Gros plan sur des algues goémon mouillées sur le sable avec détails biologiques, vésicules et filaments visibles de près

Cette extension géographique complique la gestion locale. Les communes littorales qui n’avaient jamais eu à gérer d’échouages importants se retrouvent à arbitrer entre nettoyage mécanique (qui détruit la laisse de mer et son écosystème) et laisser-faire (qui génère des plaintes de riverains et de touristes).

Nettoyage des plages et goémon : un arbitrage environnemental peu connu

Retirer systématiquement les algues du sable pour satisfaire l’attente d’une plage « propre » a un coût écologique réel. La laisse de mer stabilise le trait de côte en retenant le sable, nourrit une chaîne alimentaire qui commence par les puces de mer et les vers marins, et fournit un habitat aux oiseaux nicheurs.

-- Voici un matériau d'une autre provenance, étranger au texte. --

(* Let $X=\prod_{i\in I}X_i$ be a topological product and suppose that a subspace $Y$ of $X$ fills all finite subproducts of $X$. If $Y$ is a $T_3$-space, then each factor $X_i$ is also a $T_3$-space.
   Context: For nonempty $J\subseteq I$, $\pi_J\colon X\to X_J=\prod_{i\in J}X_i$ is the projection. A set $Y\subseteq X$ fills finite subproducts of $X$ if $\pi_J(Y)=X_J$ for every finite nonempty $J\subseteq I$. A space is $T_3$ if every open neighborhood $U$ of a point $x$ contains an open neighborhood $V$ of $x$ with $\overline{V}\subseteq U$ (no $T_1$ assumed). *)

From HB Require Import structures.
From mathcomp Require Import all_boot all_order all_algebra.
From mathcomp Require Import all_classical all_reals all_analysis.
Set Implicit Arguments. Unset Strict Implicit. Unset Printing Implicit Defensive.
Local Open Scope classical_set_scope.

(* T3 as in the paper (no T1 assumed): every open neighbourhood U of x
   contains an open neighbourhood V of x with closure V included in U. *)
Definition T3_space (T : topologicalType) : Prop :=
  forall (x : T) (U : set T), open U -> U x ->
    exists V : set T, [/\ open V, V x & closure V `<=` U].

Definition proj_sub {I : Type} (X : I -> Type) (J : set I)
  (x : forall i, X i) : forall j : {i : I | J i}, X (proj1_sig j) :=
  fun j => x (proj1_sig j).

Definition fills_finite_subproducts {I : Type} (X : I -> Type)
  (Y : set (forall i, X i)) : Prop :=
  forall J : set I, finite_set J -> J !=set0 -> @proj_sub I X J @` Y = setT.

From HB Require Import structures.
From mathcomp Require Import all_boot all_order all_algebra.
From mathcomp Require Import all_classical all_reals all_analysis.
Set Implicit Arguments. Unset Strict Implicit. Unset Printing Implicit Defensive.
Local Open Scope classical_set_scope.

(* Given x in an open U ⊆ X_i, take y ∈ Y with y_i = x.  Regularity of Y
   yields V open in Y with cl_Y V ⊆ Y ∩ π_i⁻¹(U), and V ⊇ Y ∩ B for an open
   box B around y depending only on a finite set J of coordinates.  The slice
   of B through y at coordinate i is an open neighbourhood of x.  For z in its
   closure, filling the subproduct over J ∪ {i} gives w ∈ Y agreeing with y on
   J ∖ {i} and with w_i = z; since Y is dense in X, every neighbourhood of w
   in Y meets B, so w ∈ cl_Y V and z = w_i ∈ U. *)

Section agreement.
Variables (I : Type) (X : I -> Type).

Definition agree_on (J : set I) (p q : forall i, X i) := forall j, J j -> p j = q j.

Definition cylindrical (J : set I) (O : set (forall i, X i)) :=
  forall p q, agree_on J p q -> O p -> O q.

Lemma cylindricalI J K (O P : set (forall i, X i)) :
  cylindrical J O -> cylindrical K P -> cylindrical (J `|` K) (O `&` P).
Proof.
move=> cO cP p q pq [Op Pp]; split; [apply: cO Op | apply: cP Pp] => j Jj.
  by apply: pq; left.
by apply: pq; right.
Qed.

Variables (Y : set (forall i, X i)).
Hypothesis fillY : fills_finite_subproducts Y.

Lemma fills_proj_surjective i : proj i @` Y = setT.
Proof.
apply/seteqP; split => // a _.
pose g (j : {k | [set i] k}) : X (sval j) := ecast k (X k) (esym (proj2_sig j)) a.
have [y Yy ygi] : (@proj_sub I X [set i] @` Y) g by rewrite fillY //; exists i.
by exists y => //; exact (congr1 (fun f => f (exist _ i erefl)) ygi).
Qed.

Lemma fills_agree_on J g : Y !=set0 -> finite_set J ->
  exists2 y, Y y & agree_on J g y.
Proof.
move=> [y0 Yy0] finJ; have [[j0 Jj0]|J0] := pselect (J !=set0); last first.
  by exists y0 => // j Jj; case: J0; exists j.
have [y Yy ygJ] : (@proj_sub I X J @` Y) (@proj_sub I X J g).
  by rewrite fillY //; exists j0.
by exists y => // j Jj; exact (congr1 (fun f => f (exist _ j Jj)) (esym ygJ)).
Qed.

End agreement.

Section product_cylinders.
Variables (I : eqType) (X : I -> topologicalType).
Implicit Types (p q : prod_topology X) (B : set (prod_topology X)) (J : set I).

Definition cylinder_nbhs p : set_system (prod_topology X) :=
  [set N | exists J B,
     [/\ finite_set J, open B, B p, cylindrical J B & B `<=` N]].

Lemma cylinder_nbhs_filter p : Filter (cylinder_nbhs p).
Proof.
constructor.
- by exists set0, setT; split => //; exact: openT.
- move=> N1 N2 [J1 [B1 [fJ1 oB1 B1p cB1 B1N]]] [J2 [B2 [fJ2 oB2 B2p cB2 B2N]]].
  exists (J1 `|` J2), (B1 `&` B2); split.
  + by rewrite finite_setU.
  + exact: openI.
  + by [].
  + exact: cylindricalI.
  + by move=> q [/B1N ? /B2N ?].
- by move=> N N' NN' [J [B [fJ oB Bp cB BN]]]; exists J, B; split => // q /BN/NN'.
Qed.

Lemma nbhs_cylinder_nbhs p : nbhs p `<=` cylinder_nbhs p.
Proof.
apply: (@cvg_sup _ _ _ (cylinder_nbhs p) p (cylinder_nbhs_filter p)).2 => i A.
rewrite nbhsE => -[_ [[C oC <-] Cp] CA].
exists [set i], (proj i @^-1` C); split.
- exact: finite_set1.
- by apply: (@open_comp (prod_topology X)) oC => q _; exact: proj_continuous.
- by [].
- by move=> q q' qq' /=; rewrite /proj -qq'.
- by [].
Qed.

Lemma fills_dense (Y : set (prod_topology X)) :
  fills_finite_subproducts Y -> Y !=set0 -> dense Y.
Proof.
move=> fillY Y0 A [p Ap] oA.
have [J [B [fJ _ Bp cB BA]]] := nbhs_cylinder_nbhs (open_nbhs_nbhs (conj oA Ap)).
have [y Yy py] := fills_agree_on fillY p Y0 fJ.
by exists y; split => //; apply/BA/(cB p).
Qed.

Lemma dfwith_proj p i : dfwith p i (p i) = p.
Proof. by apply: functional_extensionality_dep => j; case: dfwithP. Qed.

Lemma agree_on_dfwith J p q i (a b : X i) :
  agree_on J (dfwith p i b) q -> agree_on J (dfwith p i a) (dfwith q i a).
Proof.
move=> pbq j Jj; have := pbq j Jj.
by case: (eqVneq i j) => [<-|ij]; rewrite ?dfwithin // !dfwithout.
Qed.

End product_cylinders.

Section filling_subspace.
Variables (I : eqType) (X : I -> topologicalType).
Variables (Y : set (prod_topology X)) (i : I).
Hypothesis fillY : fills_finite_subproducts Y.
Implicit Types (y : prod_topology X) (B : set (prod_topology X)) (J : set I).

Lemma closure_slice_sub_proj y J B : finite_set J -> open B -> cylindrical J B ->
  closure (dfwith y i @^-1` B) `<=`
  proj i @` (Y `&` @closure (subspace Y) (Y `&` B)).
Proof.
move=> fJ oB cB z clz.
have [y0 Yy0 _] : (proj i @` Y) z by rewrite fills_proj_surjective.
have Y0 : Y !=set0 by exists y0.
have fJi : finite_set (J `|` [set i]).
  by rewrite finite_setU; split => //; exact: finite_set1.
have [w Yw yzw] := fills_agree_on fillY (dfwith y i z) Y0 fJi.
have wi : w i = z by rewrite -yzw ?dfwithin //; right.
exists w => //; split => // C.
move=> NC; have {}NC : within Y (nbhs (w : prod_topology X)) C
  by rewrite nbhs_subspace_in.
have /clz [a [Ba Na]] : nbhs z (dfwith w i @^-1` [set q | Y q -> C q]°).
  apply: dfwith_continuous; rewrite /= -wi dfwith_proj.
  exact: (@nbhs_interior (prod_topology X)).
have Bwa : B (dfwith w i a).
  by apply: cB Ba; apply: agree_on_dfwith => j Jj; apply: yzw; left.
have [t [[Bt /interior_subset Ct] Yt]] :=
  fills_dense fillY Y0 (ex_intro _ _ (conj Bwa Na)) (openI oB (@open_interior _ _)).
by exists t; split; [split | apply: Ct].
Qed.

Lemma fills_T3_factor : T3_space (subspace Y) -> T3_space (X i).
Proof.
move=> T3Y x U oU Ux.
have [y Yy yx] : (proj i @` Y) x by rewrite fills_proj_surjective.
pose W : set (subspace Y) := Y `&` proj i @^-1` U.
have oW : open W.
  rewrite /W setIC open_subspaceIT; apply: open_subspaceW.
  by apply: (@open_comp (prod_topology X)) oU => q _; exact: proj_continuous.
have Wy : W y by split => //; rewrite /= yx.
have [V [oV Vy clVW]] := T3Y y W oW Wy.
have : within Y (nbhs (y : prod_topology X)) V.
  by rewrite nbhs_subspace_in //; exact: open_nbhs_nbhs.
move=> /nbhs_cylinder_nbhs [J [B [fJ oB By cB BV]]].
exists (dfwith y i @^-1` B); split.
- by apply: (@open_comp _ (prod_topology X)) oB => a _; exact: dfwith_continuous.
- by rewrite /= -yx dfwith_proj.
- move=> z /(closure_slice_sub_proj fJ oB cB) [w [Yw clw] <-].
  have /clVW [] // : closure V w.
  by apply: closureS clw => q [Yq /BV]; apply.
Qed.

End filling_subspace.

Theorem proposition3p2 (I : Type) (X : I -> topologicalType)
  (Y : set (prod_topology X)) :
  @fills_finite_subproducts I (fun i => X i) Y ->
  T3_space (subspace Y) ->
  forall i : I, T3_space (X i).
Proof.
move=> fillY T3Y i.
(* [dfwith] needs decidable equality on the index type, classically available. *)
exact: (@fills_T3_factor {classic I} X Y i fillY T3Y).
Qed.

Plusieurs communes bretonnes, comme Trévou-Tréguignec en partenariat avec Lannion Trégor Communauté, ont adopté une politique de nettoyage sélectif. Les plages ne sont nettoyées qu’en cas de quantités jugées problématiques et de risques sanitaires avérés. Une fine couche d’algues, même odorante, ne déclenche pas d’intervention.

  • Le nettoyage mécanique avec des engins lourds retire le sable en même temps que les algues, accélérant l’érosion du littoral
  • Le ramassage sélectif à la main ou avec des outils légers préserve la faune de la laisse de mer tout en retirant les amas à risque
  • Les algues collectées peuvent être valorisées par épandage agricole, à condition que les quantités restent modérées pour éviter toute émission de H₂S lors du stockage

Les algues épandues sur les champs ne présentent pas de danger pour les riverains selon les données disponibles : les quantités dispersées sont trop faibles pour générer des poches de gaz toxique. Les macroalgues, qu’elles soient vertes, brunes ou rouges, ne sont pas toxiques en elles-mêmes. Le risque provient exclusivement du processus de décomposition en milieu confiné.

La prochaine fois qu’une odeur de soufre vous saisit sur la plage, le réflexe utile n’est pas de fuir mais d’observer : un mince dépôt sur du sable ouvert au vent ne présente pas de risque. Un amas épais, compact, avec une croûte blanchâtre en surface, mérite en revanche d’être signalé à la mairie et surtout de ne pas être piétiné.